Unnamed: 0_level_0,SepalLength,SepalWidth,PetalLength,PetalWidth,Class
Unnamed: 0_level_1,Float64,Float64,Float64,Float64,String
1,5.1,3.5,1.4,0.2,Iris-setosa
2,4.9,3.0,1.4,0.2,Iris-setosa
3,4.7,3.2,1.3,0.2,Iris-setosa
4,4.6,3.1,1.5,0.2,Iris-setosa
5,5.0,3.6,1.4,0.2,Iris-setosa


### stack

#### Stack
`stack(df::AbstractDataFrame, [measure_vars], [id_vars];
      variable_name=:variable, value_name=:value,
      view::Bool=false, variable_eltype::Type=CategoricalValue{String})`

- Stack a data frame df, i.e. convert it from wide to long format.

- `stack()` 函式可將 DataFrame 的形狀改變成"長"形，也就是將各 column 展開轉為 row 及其對應值，並自動產生兩個新的 column 名為 `variable` 和 `value`。

- 呼叫 `stack()` 指定要展開的 column 時，可以使用 index 值也可以使用 column 名稱。以下範例為使用 index 值，原先 DataFrame 的形狀為 (150, 5)，轉換後變成 (750, 2)。


In [0]:
longdf = stack(df, 1:5)
size(longdf)

(750, 2)

In [0]:
first(longdf, 5)

Unnamed: 0_level_0,variable,value
Unnamed: 0_level_1,Symbol,Any
1,SepalLength,5.1
2,SepalLength,4.9
3,SepalLength,4.7
4,SepalLength,4.6
5,SepalLength,5.0


In [0]:
last(longdf, 5)

Unnamed: 0_level_0,variable,value
Unnamed: 0_level_1,Symbol,Any
1,Class,Iris-virginica
2,Class,Iris-virginica
3,Class,Iris-virginica
4,Class,Iris-virginica
5,Class,Iris-virginica


以下範例為使用 column 名稱。

In [5]:
names(df)

5-element Array{Symbol,1}:
 :SepalLength
 :SepalWidth
 :PetalLength
 :PetalWidth
 :Class

In [3]:
longdf = stack(df, [:SepalLength, :SepalWidth, :PetalLength, :PetalWidth])
size(longdf)

(600, 3)

In [4]:
first(longdf, 5)

Unnamed: 0_level_0,variable,value,Class
Unnamed: 0_level_1,Symbol,Float64,String
1,SepalLength,5.1,Iris-setosa
2,SepalLength,4.9,Iris-setosa
3,SepalLength,4.7,Iris-setosa
4,SepalLength,4.6,Iris-setosa
5,SepalLength,5.0,Iris-setosa


In [0]:
last(longdf, 5)

Unnamed: 0_level_0,variable,value,Class
Unnamed: 0_level_1,Symbol,Float64,String
1,PetalWidth,2.3,Iris-virginica
2,PetalWidth,1.9,Iris-virginica
3,PetalWidth,2.0,Iris-virginica
4,PetalWidth,2.3,Iris-virginica
5,PetalWidth,1.8,Iris-virginica


`stack(df::AbstractDataFrame, [measure_vars], [id_vars])`
- 下列範例示範僅 stack 2 個欄位與指定其 ID 值 (Class 欄位)。
- `id_vars` : the identifier columns that are repeated during stacking, as a column selector (`Symbol`, string or integer; `:`, `All`, `Between`, `Not`, a regular expression, or a vector of `Symbol`s, strings or integers).

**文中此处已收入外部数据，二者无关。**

Definition cp_better n m (N : CPnet n m) (o' o : outcome n m) : bool :=
  [exists o1, improving_flip N o o1 && connect (improving_flip N) o1 o'].

Definition concept n m (N : CPnet n m) (x : outcome n m * outcome n m) : bool :=
  cp_better N x.1 x.2.

Definition in_Cac n m (k : nat) (N : CPnet n m) : Prop :=
  wf_cpnet N /\ acyclic_cpnet N /\ k_bounded k N.

Definition swap_space n m (X : {set outcome n m * outcome n m}) : Prop :=
  (forall x, x \in X -> is_swap x.1 x.2) /\
  (forall o o' : outcome n m, is_swap o o' ->
      ((o, o') \in X) (+) ((o', o) \in X)).

Definition shattered n m (k : nat) (Y : {set outcome n m * outcome n m}) : Prop :=
  forall f : outcome n m * outcome n m -> bool,
    exists N : CPnet n m, in_Cac k N /\ forall x, x \in Y -> concept N x = f x.

(* VC dimension of C^k_ac over instance space X:  VCD_is k X d  means d is
   the largest size of a subset of X shattered by C^k_ac (a maximum exists
   since X is finite and the empty set is shattered). *)
Definition VCD_is n m (k : nat) (X : {set outcome n m * outcome n m}) (d : nat) : Prop :=
  (exists Y : {set outcome n m * outcome n m},
      Y \subset X /\ shattered k Y /\ #|Y| = d) /\
  (forall Y : {set outcome n m * outcome n m},
      Y \subset X -> shattered k Y -> #|Y| <= d).

Definition VCD_ge n m (k : nat) (X : {set outcome n m * outcome n m}) (b : nat) : Prop :=
  exists Y : {set outcome n m * outcome n m},
    Y \subset X /\ shattered k Y /\ b <= #|Y|.

(* In an acyclic CP-net the potential
     sum_l B ^ #|descendants of l| * (rank of o l in the CPT of l),   B = n m + 1,
   strictly decreases along improving flips: a flip lowers the rank of the flipped
   variable, which costs its weight, and can only raise the ranks of its children,
   whose weights sum to less.  So on a swap the concept is decided by comparing
   potentials, and a shattered set of swaps, seen as a graph on outcomes, can be
   oriented arbitrarily by potentials.  It therefore has no cycle: it is a forest,
   with at most m ^ n - 1 edges.  When k = 0 each variable has a fixed order on its
   domain, and the same forest argument on the domain bounds the swaps of each
   variable by m - 1.
   Lower bound.  Let the parents of v_i be the first min(i, k) variables and take,
   for every context of them and every a < m - 1, the swap of v_i between a and a + 1
   (other variables 0).  These are (m - 1) M_k swaps, and every labelling of them is
   realised, because any prescribed comparisons between consecutive values extend
   to a total order. *)

From mathcomp Require Import all_boot fingroup perm.
From mathcomp Require Import zify.
Set Implicit Arguments. Unset Strict Implicit. Unset Printing Implicit Defensive.
(* Let $a\neq 0$ be a constant. Then there exists an analytic germ $u=u(t)$ at $t=0$ with $u(0)=a$ satisfying the differential equation $$t\,\Big(\frac{du}{dt}\Big)^2+u\,\frac{du}{dt}-\frac12=0 .$$ For any such $u$, define $$f(x,y)=\frac{x^3}{6}+y+x\,u(xy),\qquad g(x,y)=\frac{x^3}{6}+y-x\,u(xy),$$ and let $W_u$ be the planar 4-web whose foliations are the level sets of $x$, $y$, $f$, $g$. Then: (i) the cross-ratio of the four tangent lines to the foliations of $W_u$ is equal to $-1$ at every point (i.e. $\frac{\partial f}{\partial x}\frac{\partial g}{\partial y}+\frac{\partial g}{\partial x}\frac{\partial f}{\partial y}=0$); (ii) no 3-subweb of $W_u$ is hexagonal (the 3-subweb $(x,y,f)$ has nonzero Blaschke curvature at the origin); (iii) $W_u$ has the nontrivial abelian relation $\frac{x^3}{3}+2y-f-g\equiv 0$. Consequently $W_u$ is a Nakai web of rank exactly $1$. *)

From Stdlib Require Import Reals.
From Coquelicot Require Import Coquelicot.
Open Scope R_scope.

Definition analytic_at (c : R) (phi : R -> R) : Prop :=
  exists r : R, 0 < r /\ exists a : nat -> R,
    forall t, Rabs (t - c) < r -> is_pseries a (t - c) (phi t).

Definition px (F : R -> R -> R) (x y : R) : R := Derive (fun s => F s y) x.
Definition py (F : R -> R -> R) (x y : R) : R := Derive (fun s => F x s) y.

(** Coefficient of dx/\dy in dF /\ dG. *)
Definition wedge (F G : R -> R -> R) (x y : R) : R :=
  px F x y * py G x y - py F x y * px G x y.

(** Blaschke curvature of the planar 3-web defined by the first integrals
    F1, F2, F3 (coefficient of dx/\dy of the curvature 2-form dγ).
    Normalization: ω1 = a1 dF1, ω2 = a2 dF2, ω3 = dF3 with ω1+ω2+ω3 = 0;
    the connection form γ with dωi = γ /\ ωi is γ = h dF3, where
    da1 /\ dF1 = h a1 dF3 /\ dF1; the curvature is dγ = dh /\ dF3.
    (For the web (x, y, F) this equals ∂x∂y log(F_x / F_y).) *)
Definition bl_a1 (F1 F2 F3 : R -> R -> R) (x y : R) : R :=
  - wedge F3 F2 x y / wedge F1 F2 x y.
Definition bl_h (F1 F2 F3 : R -> R -> R) (x y : R) : R :=
  wedge (bl_a1 F1 F2 F3) F1 x y / (bl_a1 F1 F2 F3 x y * wedge F3 F1 x y).
Definition blaschke_curvature (F1 F2 F3 : R -> R -> R) (x y : R) : R :=
  wedge (bl_h F1 F2 F3) F3 x y.

Definition hexagonal_at0 (F1 F2 F3 : R -> R -> R) : Prop :=
  exists e : R, 0 < e /\ forall x y, Rabs x < e -> Rabs y < e ->
    blaschke_curvature F1 F2 F3 x y = 0.

Definition abelian_relation (F1 F2 F3 F4 : R -> R -> R)
    (p1 p2 p3 p4 : R -> R) : Prop :=
  analytic_at (F1 0 0) p1 /\ analytic_at (F2 0 0) p2 /\
  analytic_at (F3 0 0) p3 /\ analytic_at (F4 0 0) p4 /\
  exists e : R, 0 < e /\ forall x y, Rabs x < e -> Rabs y < e ->
    p1 (F1 x y) + p2 (F2 x y) + p3 (F3 x y) + p4 (F4 x y) = 0.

Defaults to all variables that are not `measure_vars`

In [3]:
longdf = stack(df, [:SepalLength, :SepalWidth], :Class)
println("size longdf = $(size(longdf))")
first(longdf, 5)

size longdf = (300, 3)


Unnamed: 0_level_0,variable,value,Class
Unnamed: 0_level_1,Symbol,Float64,String
1,SepalLength,5.1,Iris-setosa
2,SepalLength,4.9,Iris-setosa
3,SepalLength,4.7,Iris-setosa
4,SepalLength,4.6,Iris-setosa
5,SepalLength,5.0,Iris-setosa


In [0]:
last(longdf, 5)

Unnamed: 0_level_0,variable,value,Class
Unnamed: 0_level_1,Symbol,Float64,String
1,SepalWidth,3.0,Iris-virginica
2,SepalWidth,2.5,Iris-virginica
3,SepalWidth,3.0,Iris-virginica
4,SepalWidth,3.4,Iris-virginica
5,SepalWidth,3.0,Iris-virginica


### unstack
`unstack(df::AbstractDataFrame, rowkeys::Union{Integer, Symbol},
        colkey::Union{Integer, Symbol}, value::Union{Integer, Symbol};
        renamecols::Function=identity)`
        
`unstack(df::AbstractDataFrame, rowkeys::AbstractVector{<:Union{Integer, Symbol}},
        colkey::Union{Integer, Symbol}, value::Union{Integer, Symbol};
        renamecols::Function=identity)`
        
`unstack(df::AbstractDataFrame, colkey::Union{Integer, Symbol},
        value::Union{Integer, Symbol}; renamecols::Function=identity)`
        
`unstack(df::AbstractDataFrame; renamecols::Function=identity)`

- `unstack()` 的功能與 `stack()` 相反, 可將長形的 DataFrame 轉變為原先"寬"形的.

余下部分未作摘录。